I think Durrett is a great reference for understanding the connection here. The organization of his textbook neatly lays out the relationship:

• Chapter 1 starts with the pure measure theory side of probability. A probability distribution $$(\Omega, \mathcal{F}, \Bbb{P})$$ is a measure space, having the probability that the measure of the entire space is finite and equal to 1: $$\Bbb{P}(\Omega) = 1$$. From there he defines random variables (i.e. integrable functions $$X: \Omega \to S$$, where the codomain space $$S$$ is often $$\Bbb{R}^d$$ with the Lebesgue measure) and expectation (i.e. the integrals $$\Bbb{E}X := \int X d \Bbb{P}$$ of these random variables), with a review of the basic measure theory results (e.g. Fatou's lemma) needed to proceed.

• My favorite line in this entire book kicks off Chapter 2 on Laws of Large Numbers: "Measure theory ends and probability begins with the definition of independence." Durrett walks us through the definitions of independent events, independent $$\sigma$$-algebras, and independent r.v.'s, and looks at classic results such as weak & strong LLN, as well as modes of convergence of random variables and random series.

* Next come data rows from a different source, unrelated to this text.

Lemma Ly_is_linear : linear_for *%R (Ly y).
Proof.
move=> a p q; pose m := (size (a *: p + q)%R + size p + size q)%N.
have le_apq : (size (a *: p + q)%R <= m)%N by rewrite /m -addnA leq_addr.
have le_p : (size p <= m)%N by rewrite /m -addnA (leq_trans _ (leq_addl _ _)) ?leq_addr.
have le_q : (size q <= m)%N by rewrite /m leq_addl.
rewrite !(LyE (m := m)) // mulr_sumr -big_split.
by apply: eq_bigr => k _; rewrite coefD coefZ mulrDl mulrA.
Qed.

HB.instance Definition _ := GRing.isLinear.Build R {poly R} R *%R (Ly y) Ly_is_linear.

Lemma LyXn m : Ly y 'X^m = y m.
Proof.
rewrite (LyE (m := m.+1)) ?size_polyXn // big_ord_recr /= big1 => [|k _].
  by rewrite coefXn eqxx mul1r add0r.
by rewrite coefXn ltn_eqF // mul0r.
Qed.

Lemma Ly_mulXn (p : {poly R}) m : Ly y (p * 'X^m) = \sum_(k < size p) p`_k * y (k + m).
Proof.
rewrite -[p in LHS]coefK poly_def mulr_suml linear_sum.
by apply: eq_bigr => k _; rewrite -scalerAl -exprD linearZ /= LyXn.
Qed.

Lemma HlocE d th : Hloc d th y = \matrix_(i, j) Ly y (th * 'X^(i + j)).
Proof. by apply/matrixP => i j; rewrite !mxE Ly_mulXn; apply: eq_bigr => k _; rewrite addnC. Qed.

Lemma Hloc_sym d th : (Hloc d th y)^T = Hloc d th y.
Proof. by apply/matrixP => i j; rewrite !mxE; apply: eq_bigr => k _; rewrite (addnC j). Qed.

Lemma Hloc_subC d g a : Hloc d (g - a%:P) y = Hloc d g y - a *: Hmx d y.
Proof.
apply/matrixP => i j; rewrite !HlocE !mxE mulrBl linearB /=.
by rewrite mul_polyC linearZ /= LyXn.
Qed.

Lemma Hloc1 d : Hloc d 1 y = Hmx d y.
Proof. by apply/matrixP => i j; rewrite HlocE !mxE mul1r LyXn. Qed.

Lemma Ly_mul_subC g a s : Ly y ((g - a%:P) * s) = Ly y (g * s) - a * Ly y s.
Proof. by rewrite mulrBl linearB /= mul_polyC linearZ. Qed.

Lemma Ly_mul_sqr d th (q : {poly R}) : (size q <= d.+1)%N ->
  Ly y (th * q ^+ 2) = qform (Hloc d th y) (coefv d q).
Proof.
move=> le_qd; have qE : q = \sum_(i < d.+1) q`_i *: 'X^i.
  rewrite -poly_def; apply/polyP => i; rewrite coef_poly; case: ltnP => // le_di.
  by rewrite nth_default // (leq_trans le_qd).
rewrite HlocE [in LHS]expr2 {1 2}qE mulr_suml mulr_sumr linear_sum /qform /bform mxE.
apply: eq_bigr => i _; rewrite mulr_sumr mulr_sumr linear_sum mxE mulr_suml.
apply: eq_bigr => j _; rewrite -scalerAl -!scalerAr -exprD !linearZ /= !mxE addnC.
by rewrite mulrC.
Qed.
(* Let $\lambda_1>\lambda_2>\lambda_3>0$ and $D=\mathrm{diag}(\lambda_1,\lambda_2,\lambda_3)$. Then: (i) The rotation $\mathrm{diag}(-1,-1,1)$ is the unique global maximum of $\widetilde W_{1,0}(\cdot;D)$ on $SO(3)$. (ii) If $\lambda_1+\lambda_2>2$, the global minima of $\widetilde W_{1,0}(\cdot;D)$ on $SO(3)$ are exactly the two rotations $$\begin{pmatrix}c & \mp\sqrt{1-c^2} & 0\\ \pm\sqrt{1-c^2} & c & 0\\ 0&0&1\end{pmatrix},\qquad c=\frac{2}{\lambda_1+\lambda_2},$$ with minimal value $(\lambda_3-1)^2+\frac12(\lambda_1-\lambda_2)^2$. (iii) If $\lambda_1+\lambda_2\le2$, then $\mathbb I_3$ is the unique global minimum of $\widetilde W_{1,0}(\cdot;D)$ on $SO(3)$.
   Context: $\mathrm{sym}(Y)=\tfrac12(Y+Y^T)$, $\|Y\|^2=\mathrm{tr}(Y^TY)$ (Frobenius norm). $\widetilde W_{1,0}(R;D)=\|\mathrm{sym}(R^TD-\mathbb I_3)\|^2$ for $R\in SO(3)$. *)

(* matrices over an arbitrary real closed field R
   (the paper's R is the reals; the statement is purely algebraic/order-theoretic). *)
From HB Require Import structures.
From mathcomp Require Import all_boot all_order all_algebra.
Set Implicit Arguments. Unset Strict Implicit. Unset Printing Implicit Defensive.
Import Order.TTheory GRing.Theory Num.Theory.
Local Open Scope ring_scope.

Definition mx3 {R : rcfType} (a b c d e f g h k : R) : 'M[R]_3 :=
  \matrix_(i < 3, j < 3)
    nth 0 (nth [::] [:: [:: a; b; c]; [:: d; e; f]; [:: g; h; k]] i) j.

Definition symm {R : rcfType} (Y : 'M[R]_3) : 'M[R]_3 := 2^-1 *: (Y + Y^T).

Definition frob2 {R : rcfType} (Y : 'M[R]_3) : R := \tr (Y^T *m Y).

Definition W10 {R : rcfType} (D Q : 'M[R]_3) : R :=
  frob2 (symm (Q^T *m D - 1%:M)).

Definition SO3 {R : rcfType} (Q : 'M[R]_3) : Prop :=
  Q^T *m Q = 1%:M /\ \det Q = 1.

Definition isGlobalMin {R : rcfType} (D Q : 'M[R]_3) : Prop :=
  SO3 Q /\ forall S : 'M[R]_3, SO3 S -> W10 D Q <= W10 D S.

Definition isGlobalMax {R : rcfType} (D Q : 'M[R]_3) : Prop :=
  SO3 Q /\ forall S : 'M[R]_3, SO3 S -> W10 D S <= W10 D Q.

From HB Require Import structures.
From mathcomp Require Import all_boot all_order all_algebra.
From mathcomp Require Import ring lra.
Set Implicit Arguments. Unset Strict Implicit. Unset Printing Implicit Defensive.
Import Order.TTheory GRing.Theory Num.Theory.
Local Open Scope ring_scope.

(* For a rotation Q with diagonal (x, y, z), expanding the norm and using that each
   diagonal entry of a rotation equals its cofactor shows that W(Q) = Wdiag(x, y, z)
   depends on the diagonal only (W10_rot).  The diagonal of a rotation lies in the tetrahedron
   spanned by the diagonals of diag(+-1,+-1,+-1) (rot_diag_tetra); in quaternion terms
   its barycentric coordinates are the squares q_i^2.  On this tetrahedron, each claimed
   extremal value differs from Wdiag by an explicit sum of nonnegative terms (the "gap"
   identities), which yields the bound and pins down the point where it is attained. *)

Section Mx3Calculus.
Variable R : rcfType.
Implicit Types (a b c d e f g h k x : R) (A : 'M[R]_3).

Definition i0 : 'I_3 := @Ordinal 3 0 isT.
Definition i1 : 'I_3 := @Ordinal 3 1 isT.
Definition i2 : 'I_3 := @Ordinal 3 2 isT.

Local Ltac mx3_entrywise :=
  apply/matrixP => - [[|[|[|i]]] Hi] [[|[|[|j]]] Hj] //; rewrite /mx3 !mxE.

Lemma mx3E A : A = mx3 (A i0 i0) (A i0 i1) (A i0 i2)
  (A i1 i0) (A i1 i1) (A i1 i2) (A i2 i0) (A i2 i1) (A i2 i2).
Proof. by mx3_entrywise; congr (A _ _); apply: val_inj. Qed.

Lemma mx3_ind (P : 'M[R]_3 -> Prop) :
  (forall a b c d e f g h k, P (mx3 a b c d e f g h k)) -> forall A, P A.
Proof. by move=> HP A; rewrite (mx3E A). Qed.

Lemma mx3_inj a b c d e f g h k a' b' c' d' e' f' g' h' k' :
  mx3 a b c d e f g h k = mx3 a' b' c' d' e' f' g' h' k' ->
  [/\ a = a', b = b', c = c', d = d'
    & [/\ e = e', f = f', g = g', h = h' & k = k']].
Proof.
move=> E; have F i j := congr1 (fun M : 'M[R]_3 => M i j) E.
move: (F i0 i0) (F i0 i1) (F i0 i2) (F i1 i0) (F i1 i1) (F i1 i2) (F i2 i0)
  (F i2 i1) (F i2 i2).
by rewrite !mxE.
Qed.

Lemma tr_mx3 a b c d e f g h k :
  (mx3 a b c d e f g h k)^T = mx3 a d g b e h c f k.
Proof. by mx3_entrywise. Qed.

Lemma mul_mx3 a b c d e f g h k a' b' c' d' e' f' g' h' k' :
  mx3 a b c d e f g h k *m mx3 a' b' c' d' e' f' g' h' k' =
  mx3 (a*a'+b*d'+c*g') (a*b'+b*e'+c*h') (a*c'+b*f'+c*k')
      (d*a'+e*d'+f*g') (d*b'+e*e'+f*h') (d*c'+e*f'+f*k')
      (g*a'+h*d'+k*g') (g*b'+h*e'+k*h') (g*c'+h*f'+k*k').
Proof.
apply/matrixP => i j; rewrite /mx3 !mxE !big_ord_recl big_ord0 !mxE /= addr0.
by case: i => [[|[|[|i]]]] // Hi; case: j => [[|[|[|j]]]] // Hj; rewrite /= addrA.
Qed.

Lemma add_mx3 a b c d e f g h k a' b' c' d' e' f' g' h' k' :
  mx3 a b c d e f g h k + mx3 a' b' c' d' e' f' g' h' k' =
  mx3 (a+a') (b+b') (c+c') (d+d') (e+e') (f+f') (g+g') (h+h') (k+k').
Proof. by mx3_entrywise. Qed.

Lemma opp_mx3 a b c d e f g h k :
  - mx3 a b c d e f g h k = mx3 (-a) (-b) (-c) (-d) (-e) (-f) (-g) (-h) (-k).
Proof. by mx3_entrywise. Qed.

Lemma scale_mx3 x a b c d e f g h k :
  x *: mx3 a b c d e f g h k =
  mx3 (x*a) (x*b) (x*c) (x*d) (x*e) (x*f) (x*g) (x*h) (x*k).
Proof. by mx3_entrywise. Qed.

Lemma one_mx3 : (1%:M : 'M[R]_3) = mx3 1 0 0 0 1 0 0 0 1.
Proof. by mx3_entrywise. Qed.

Lemma trace_mx3 a b c d e f g h k : \tr (mx3 a b c d e f g h k) = a + e + k.
Proof. by rewrite /mxtrace !big_ord_recl big_ord0 !mxE /= addr0 addrA. Qed.

Lemma det_mx3 a b c d e f g h k : \det (mx3 a b c d e f g h k) =
  a*(e*k - f*h) - b*(d*k - f*g) + c*(d*h - e*g).
Proof.
rewrite (expand_det_row _ ord0) !big_ord_recl big_ord0 /cofactor.
rewrite !(expand_det_row _ ord0) !big_ord_recl !big_ord0 /cofactor !det_mx11.
by rewrite !mxE /bump /=; ring.
Qed.

End Mx3Calculus.

Section Rotations.
Variable R : rcfType.
Implicit Types (a b c d e f g h k x y z : R).

Lemma sum_sqr3_eq0 x y z : x^+2 + y^+2 + z^+2 = 0 -> [/\ x = 0, y = 0 & z = 0].
Proof.
move=> H; have := sqr_ge0 x; have := sqr_ge0 y; have := sqr_ge0 z => hz hy hx.
by split; apply/eqP; rewrite -sqrf_eq0; apply/eqP; lra.
Qed.

Lemma SO3_mx3 a b c d e f g h k :
  SO3 (mx3 a b c d e f g h k) <->
  [/\ a*a+d*d+g*g = 1, b*b+e*e+h*h = 1, c*c+f*f+k*k = 1, a*b+d*e+g*h = 0
    & [/\ a*c+d*f+g*k = 0, b*c+e*f+h*k = 0
    & a*(e*k - f*h) - b*(d*k - f*g) + c*(d*h - e*g) = 1]].
Proof.
rewrite /SO3 tr_mx3 mul_mx3 one_mx3 det_mx3; split.
  by case=> /mx3_inj[c11 c12 c13 _ [c22 c23 _ _ c33]] hd.
by case=> c11 c22 c33 c12 [c13 c23 hd]; split=> //; congr mx3; lra.
Qed.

So essentially, probability is looking at a specific type of measure space (a finite one, whose measure is normalized to equal $$1$$), but the nomenclature is tailored to the applications: we speak of "events" instead of "measurable sets", "random variables" instead of "measurable functions", etc. and we also take an interest in independence relationships between events/r.v.'s/etc. which may not apply to more general measure spaces (particularly infinite ones).

• Nice :) +1 -- great explanation of why probability theory, despite being a subset of measure theory, gains its own identity by the specific restrictions is makes upon measure theory and its focus on things like independence (i.e., product measures etc) Commented Aug 6, 2023 at 21:37

I agree that you may want to ask this on the history of math and science site. But, I can see it fitting here (added two tags to show this isn't the usual "help me solve/prove something" post)

It looks like you are actually concerned with two issues:

1. Why did probability need measure theory?
2. What differentiates measure-theoretic probability theory from measure theory.

@Rivers McForge gave a nice answer to (2) above as to how measure-theoretic probability relates to measure theory as a whole: it is restricted to studying measure spaces $$\left(\Omega, \mathcal{F},\mu\right)$$ whose measure, $$\mu$$, satisfies Kolmorogov's Axioms.

Note that this axiomatic approach leverages measure theory to provide a rigorous definition of the elements of a measure space, then it adds particulars (so ruling out large classes of measures that don't satisfy the axioms).

The advantage here is that we trade generality for the ability to prove more locally "powerful" theorems, since we are able to leverage Kolmorogov's axioms to prove more about a smaller class of measures.

Related question: What distinguishes measure theory and probability theory?

I'll focus on the second implicit question

Why did probability need measure theory?

This has been asked on this site before, so I'll link in the requisite posts here: why measure theory for probability?

There is also a nice little video where a mathematician (post-doc at the time) explains this exact question that we all go through when we see measure-theoretic probability: https://www.youtube.com/watch?v=RjPXfUT7Odo

For me, the take-way I got when I tried to answer this for myself was:

Measure theory is an elegant and very useful mathematical language to express probability theory -- in a way that would be very clumsy or imprecise otherwise (e.g., defining what constitutes a consistent event space).

However, this isn't merely aesthetic -- the beauty of measure theory is that you get a couple very powerful theoretical tools:

1. Lebesgue Integration: It allows you to sensibly integrate a much wider array of expressions than Riemann integral we all learn in Calc 101.
2. Dominated Convergence Theorem to prove different types of convergence of random variables.
3. The ability generalize beyond continuous and discrete sample spaces to all kinds of others (e.g., mixed spaces, function spaces, and more esoteric things that cannot nicely map to things on the Real number line).